Extracted data entries:
——————————
Definition gcore : set K := [set x | forall u, U u -> V (mul (mul (inv u) x) u)].

Lemma gcore_subgroup : is_subgroup V -> is_subgroup gcore.
Proof.
move=> hV; split=> [u _|x y Cx Cy u Uu|x Cx u Uu].
- by rewrite tg_mulg1 // tg_mulVg //; exact: subgroup1.
- have -> : mul (mul (inv u) (mul x y)) u =
      mul (mul (mul (inv u) x) u) (mul (mul (inv u) y) u) by tg_simpl hK.
  exact: subgroupM (Cx _ Uu) (Cy _ Uu).
- have -> : mul (mul (inv u) (inv x)) u = inv (mul (mul (inv u) x) u).
    by tg_simpl hK.
  exact: subgroupV (Cx _ Uu).
Qed.

Lemma gcore_sub : U one -> gcore `<=` V.
Proof. by move=> U1 x /(_ _ U1); rewrite tg_invg1 // tg_mul1g // tg_mulg1. Qed.

Lemma sub_normalizer_gcore : is_subgroup U -> U `<=` normalizer gcore.
Proof.
move=> hU g Ug; apply/normalizerP => // x; split=> Cx u Uu.
  by have := Cx _ (subgroupM hU Ug Uu); tg_simpl hK.
by have := Cx _ (subgroupM hU (subgroupV hU Ug) Uu); tg_simpl hK.
Qed.

Lemma open_gcore : translations_continuous K -> is_subgroup V -> open V ->
  finite_set [set lcoset u V | u in U] -> open gcore.
Proof.
move=> hconj hV oV finUV.
(* [u^-1 V u] only depends on the coset [u V], so [gcore] is a finite
   intersection of neighbourhoods of [one]. *)
apply: (nbhs1_subgroup_open hK hconj (gcore_subgroup hV)).
pose D c :=
  [set x | forall u, U u -> lcoset u V = c -> V (mul (mul (inv u) x) u)].
have nD c : [set lcoset u V | u in U] c -> nbhs one (D c).
  case=> u0 Uu0 <-.
  apply: filterS _ (nbhs1_conjg hK hconj u0 (open_subgroup_nbhs1 (conj hV oV))).
  move=> x /= Vx u Uu /(lcoset_eqP hK hV) Vuu0.
  have -> : mul (mul (inv u) x) u = mul (mul (mul (inv u) u0)
      (mul (mul (inv u0) x) u0)) (inv (mul (inv u) u0)) by tg_simpl hK.
  exact: subgroup_conj.
have : nbhs one (\bigcap_(c in [set lcoset u V | u in U]) D c).
  rewrite -(fset_setK finUV); apply: filter_bigI => c.
  by rewrite in_fset_set // inE => /nD.
by apply: filterS => x Dx u Uu; apply: (Dx (lcoset u V)) => //; exists u.
Qed.
End Core.

Lemma finite_index_open_subgroups_eq_of_self_normalizing (G : tgroup) :
  is_topgroup G -> self_normalizing G -> finite_index_open_subgroups_eq G.
Proof.
move=> tG selfN U V [hU oU] [hV oV] VU finUV; have hG := topgroup_group_laws tG.
have oC : open_subgroup (gcore U V).
  split; first exact: gcore_subgroup.
  exact: open_gcore (topgroup_translations_continuous tG) hV oV finUV.
have UC : U `<=` gcore U V by rewrite -(selfN _ oC); exact: sub_normalizer_gcore.
by apply/seteqP; split=> // x /UC; exact: (gcore_sub hG (subgroup1 hU)).
Qed.

Lemma self_normalizing_of_finite_index_open_subgroups_eq (G : tgroup) :
  pro_oligomorphic G -> finite_index_open_subgroups_eq G -> self_normalizing G.
Proof.
move=> [tG _ _ dcoset_fin] finE U oU; have [hU _] := oU.
have hG := topgroup_group_laws tG; have cG := topgroup_translations_continuous tG.
have UN := sub_normalizer hG hU.
have oN : open_subgroup (normalizer U).
  split; first exact: normalizer_subgroup.
  apply: (nbhs1_subgroup_open hG cG (normalizer_subgroup hG U)).
  exact: filterS UN (open_subgroup_nbhs1 oU).
apply: (finE _ _ oN oU UN); apply: sub_finite_set (dcoset_fin U U oU oU).
by move=> _ [g Ng <-]; exists g => //; exact: dcoset_normalizer.
Qed.

Section OpenSubgroupAsGroup.
Variables (G : tgroup) (hG : group_laws G) (U : set G) (hU : is_subgroup U).
Local Notation S := (sub_tgroup hU).

Lemma sub_group_laws : group_laws S.
Proof.
split=> [x y z|x|x]; apply: val_inj => /=.
- exact: tg_mulA.
- exact: tg_mul1g.
- exact: tg_mulVg.
Qed.

Lemma sub_self_normalizing : open U -> self_normalizing G -> self_normalizing S.
Proof.
move=> oU selfN T [hT [A oA eA]].
apply/seteqP; split=> [g Ng|]; last exact: (sub_normalizer sub_group_laws hT).
have hT' : is_subgroup (set_val @` T).
  split=> [|? ? [s Ts <-] [t Tt <-]|? [s Ts <-]].
  - by exists (tg_one S) => //; exact: subgroup1.
  - by exists (tg_mul s t) => //; exact: subgroupM.
  - by exists (tg_inv s) => //; exact: subgroupV.
have oT' : open (set_val @` T).
  have -> : set_val @` T = U `&` A.
    apply/seteqP; split=> [_ [s Ts <-]|x [Ux Ax]].
      by split; [exact: set_valP|rewrite -eA in Ts].
    by exists (exist _ x (mem_set Ux)) => //; rewrite -eA.
  exact: openI.
have : normalizer (set_val @` T) (set_val g).
  by rewrite /normalizer /= image_comp -{2}Ng image_comp.
by rewrite selfN // => -[s Ts /val_inj <-].
Qed.
End OpenSubgroupAsGroup.

Theorem proposition5p5 (G : tgroup) :
  pro_oligomorphic G ->
  [/\ split_group G <->
        (forall H : tgroup, pro_oligomorphic H ->
         forall W : set (prod_tgroup G H), open_subgroup W ->
         exists (U : set G) (V : set H),
           [/\ open_subgroup U, open_subgroup V & W = U `*` V]),
      split_group G <->
        (forall U : set G, open_subgroup U -> normalizer U = U),
      split_group G <->
        (forall (X : Type) (act : G -> X -> X), transitive_Gset act ->
         forall f : X -> X, bijective f -> equivariant act act f ->
         forall x, f x = x) &
      split_group G <->
        (forall U V : set G, open_subgroup U -> open_subgroup V -> V `<=` U ->
         finite_set [set lcoset u V | u in U] -> U = V)]
  /\ (split_group G ->
      forall (U : set G) (hU : open_subgroup U),
        split_group (sub_tgroup hU.1)).
Proof.
move=> oligG; have [tG _ _ _] := oligG; have hG := topgroup_group_laws tG.
have split_selfN : split_group G -> self_normalizing G.
  move=> splitG; apply: (self_normalizing_of_prod_open_subgroups_split tG).
  exact: (prod_open_subgroups_split_of_Gsets tG tG (splitG G oligG)).
have selfN_split (K : tgroup) :
    group_laws K -> self_normalizing K -> split_group K.
  move=> hK selfN H [tH _ _ _]; have hH := topgroup_group_laws tH.
  apply: (prod_Gsets_split_of_open_subgroups hK hH).
  exact: (prod_open_subgroups_split_of_self_normalizing hK hH selfN).
split; first split.
- split=> [splitG|splitW] H oligH; have [tH _ _ _] := oligH.
    exact: prod_open_subgroups_split_of_Gsets tG tH (splitG H oligH).
  apply: (prod_Gsets_split_of_open_subgroups hG (topgroup_group_laws tH)).
  exact: splitW.
- by split; [exact: split_selfN|exact: selfN_split].
- split=> [/split_selfN|rigid].
    exact: transitive_Gsets_rigid_of_self_normalizing.
  exact/selfN_split/self_normalizing_of_transitive_Gsets_rigid.
- split=> [/split_selfN|finE].
    exact: finite_index_open_subgroups_eq_of_self_normalizing.
  exact/selfN_split/self_normalizing_of_finite_index_open_subgroups_eq.
move=> /split_selfN selfN U hU.
exact: selfN_split (sub_group_laws hG hU.1) (sub_self_normalizing hG hU.2 selfN).
Qed.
——————————
Work item - Reproduce, exactly, all the lines shown above.

Worked solution -
Definition gcore : set K := [set x | forall u, U u -> V (mul (mul (inv u) x) u)].

Lemma gcore_subgroup : is_subgroup V -> is_subgroup gcore.
Proof.
move=> hV; split=> [u _|x y Cx Cy u Uu|x Cx u Uu].
- by rewrite tg_mulg1 // tg_mulVg //; exact: subgroup1.
- have -> : mul (mul (inv u) (mul x y)) u =
      mul (mul (mul (inv u) x) u) (mul (mul (inv u) y) u) by tg_simpl hK.
  exact: subgroupM (Cx _ Uu) (Cy _ Uu).
- have -> : mul (mul (inv u) (inv x)) u = inv (mul (mul (inv u) x) u).
    by tg_simpl hK.
  exact: subgroupV (Cx _ Uu).
Qed.

Lemma gcore_sub : U one -> gcore `<=` V.
Proof. by move=> U1 x /(_ _ U1); rewrite tg_invg1 // tg_mul1g // tg_mulg1. Qed.

Lemma sub_normalizer_gcore : is_subgroup U -> U `<=` normalizer gcore.
Proof.
move=> hU g Ug; apply/normalizerP => // x; split=> Cx u Uu.
  by have := Cx _ (subgroupM hU Ug Uu); tg_simpl hK.
by have := Cx _ (subgroupM hU (subgroupV hU Ug) Uu); tg_simpl hK.
Qed.

Lemma open_gcore : translations_continuous K -> is_subgroup V -> open V ->
  finite_set [set lcoset u V | u in U] -> open gcore.
Proof.
move=> hconj hV oV finUV.
(* [u^-1 V u] only depends on the coset [u V], so [gcore] is a finite
   intersection of neighbourhoods of [one]. *)
apply: (nbhs1_subgroup_open hK hconj (gcore_subgroup hV)).
pose D c :=
  [set x | forall u, U u -> lcoset u V = c -> V (mul (mul (inv u) x) u)].
have nD c : [set lcoset u V | u in U] c -> nbhs one (D c).
  case=> u0 Uu0 <-.
  apply: filterS _ (nbhs1_conjg hK hconj u0 (open_subgroup_nbhs1 (conj hV oV))).
  move=> x /= Vx u Uu /(lcoset_eqP hK hV) Vuu0.
  have -> : mul (mul (inv u) x) u = mul (mul (mul (inv u) u0)
      (mul (mul (inv u0) x) u0)) (inv (mul (inv u) u0)) by tg_simpl hK.
  exact: subgroup_conj.
have : nbhs one (\bigcap_(c in [set lcoset u V | u in U]) D c).
  rewrite -(fset_setK finUV); apply: filter_bigI => c.
  by rewrite in_fset_set // inE => /nD.
by apply: filterS => x Dx u Uu; apply: (Dx (lcoset u V)) => //; exists u.
Qed.
End Core.

Lemma finite_index_open_subgroups_eq_of_self_normalizing (G : tgroup) :
  is_topgroup G -> self_normalizing G -> finite_index_open_subgroups_eq G.
Proof.
move=> tG selfN U V [hU oU] [hV oV] VU finUV; have hG := topgroup_group_laws tG.
have oC : open_subgroup (gcore U V).
  split; first exact: gcore_subgroup.
  exact: open_gcore (topgroup_translations_continuous tG) hV oV finUV.
have UC : U `<=` gcore U V by rewrite -(selfN _ oC); exact: sub_normalizer_gcore.
by apply/seteqP; split=> // x /UC; exact: (gcore_sub hG (subgroup1 hU)).
Qed.

Lemma self_normalizing_of_finite_index_open_subgroups_eq (G : tgroup) :
  pro_oligomorphic G -> finite_index_open_subgroups_eq G -> self_normalizing G.
Proof.
move=> [tG _ _ dcoset_fin] finE U oU; have [hU _] := oU.
have hG := topgroup_group_laws tG; have cG := topgroup_translations_continuous tG.
have UN := sub_normalizer hG hU.
have oN : open_subgroup (normalizer U).
  split; first exact: normalizer_subgroup.
  apply: (nbhs1_subgroup_open hG cG (normalizer_subgroup hG U)).
  exact: filterS UN (open_subgroup_nbhs1 oU).
apply: (finE _ _ oN oU UN); apply: sub_finite_set (dcoset_fin U U oU oU).
by move=> _ [g Ng <-]; exists g => //; exact: dcoset_normalizer.
Qed.

Section OpenSubgroupAsGroup.
Variables (G : tgroup) (hG : group_laws G) (U : set G) (hU : is_subgroup U).
Local Notation S := (sub_tgroup hU).

Lemma sub_group_laws : group_laws S.
Proof.
split=> [x y z|x|x]; apply: val_inj => /=.
- exact: tg_mulA.
- exact: tg_mul1g.
- exact: tg_mulVg.
Qed.

Lemma sub_self_normalizing : open U -> self_normalizing G -> self_normalizing S.
Proof.
move=> oU selfN T [hT [A oA eA]].
apply/seteqP; split=> [g Ng|]; last exact: (sub_normalizer sub_group_laws hT).
have hT' : is_subgroup (set_val @` T).
  split=> [|? ? [s Ts <-] [t Tt <-]|? [s Ts <-]].
  - by exists (tg_one S) => //; exact: subgroup1.
  - by exists (tg_mul s t) => //; exact: subgroupM.
  - by exists (tg_inv s) => //; exact: subgroupV.
have oT' : open (set_val @` T).
  have -> : set_val @` T = U `&` A.
    apply/seteqP; split=> [_ [s Ts <-]|x [Ux Ax]].
      by split; [exact: set_valP|rewrite -eA in Ts].
    by exists (exist _ x (mem_set Ux)) => //; rewrite -eA.
  exact: openI.
have : normalizer (set_val @` T) (set_val g).
  by rewrite /normalizer /= image_comp -{2}Ng image_comp.
by rewrite selfN // => -[s Ts /val_inj <-].
Qed.
End OpenSubgroupAsGroup.

Theorem proposition5p5 (G : tgroup) :
  pro_oligomorphic G ->
  [/\ split_group G <->
        (forall H : tgroup, pro_oligomorphic H ->
         forall W : set (prod_tgroup G H), open_subgroup W ->
         exists (U : set G) (V : set H),
           [/\ open_subgroup U, open_subgroup V & W = U `*` V]),
      split_group G <->
        (forall U : set G, open_subgroup U -> normalizer U = U),
      split_group G <->
        (forall (X : Type) (act : G -> X -> X), transitive_Gset act ->
         forall f : X -> X, bijective f -> equivariant act act f ->
         forall x, f x = x) &
      split_group G <->
        (forall U V : set G, open_subgroup U -> open_subgroup V -> V `<=` U ->
         finite_set [set lcoset u V | u in U] -> U = V)]
  /\ (split_group G ->
      forall (U : set G) (hU : open_subgroup U),
        split_group (sub_tgroup hU.1)).
Proof.
move=> oligG; have [tG _ _ _] := oligG; have hG := topgroup_group_laws tG.
have split_selfN : split_group G -> self_normalizing G.
  move=> splitG; apply: (self_normalizing_of_prod_open_subgroups_split tG).
  exact: (prod_open_subgroups_split_of_Gsets tG tG (splitG G oligG)).
have selfN_split (K : tgroup) :
    group_laws K -> self_normalizing K -> split_group K.
  move=> hK selfN H [tH _ _ _]; have hH := topgroup_group_laws tH.
  apply: (prod_Gsets_split_of_open_subgroups hK hH).
  exact: (prod_open_subgroups_split_of_self_normalizing hK hH selfN).
split; first split.
- split=> [splitG|splitW] H oligH; have [tH _ _ _] := oligH.
    exact: prod_open_subgroups_split_of_Gsets tG tH (splitG H oligH).
  apply: (prod_Gsets_split_of_open_subgroups hG (topgroup_group_laws tH)).
  exact: splitW.
- by split; [exact: split_selfN|exact: selfN_split].
- split=> [/split_selfN|rigid].
    exact: transitive_Gsets_rigid_of_self_normalizing.
  exact/selfN_split/self_normalizing_of_transitive_Gsets_rigid.
- split=> [/split_selfN|finE].
    exact: finite_index_open_subgroups_eq_of_self_normalizing.
  exact/selfN_split/self_normalizing_of_finite_index_open_subgroups_eq.
move=> /split_selfN selfN U hU.
exact: selfN_split (sub_group_laws hG hU.1) (sub_self_normalizing hG hU.2 selfN).
Qed.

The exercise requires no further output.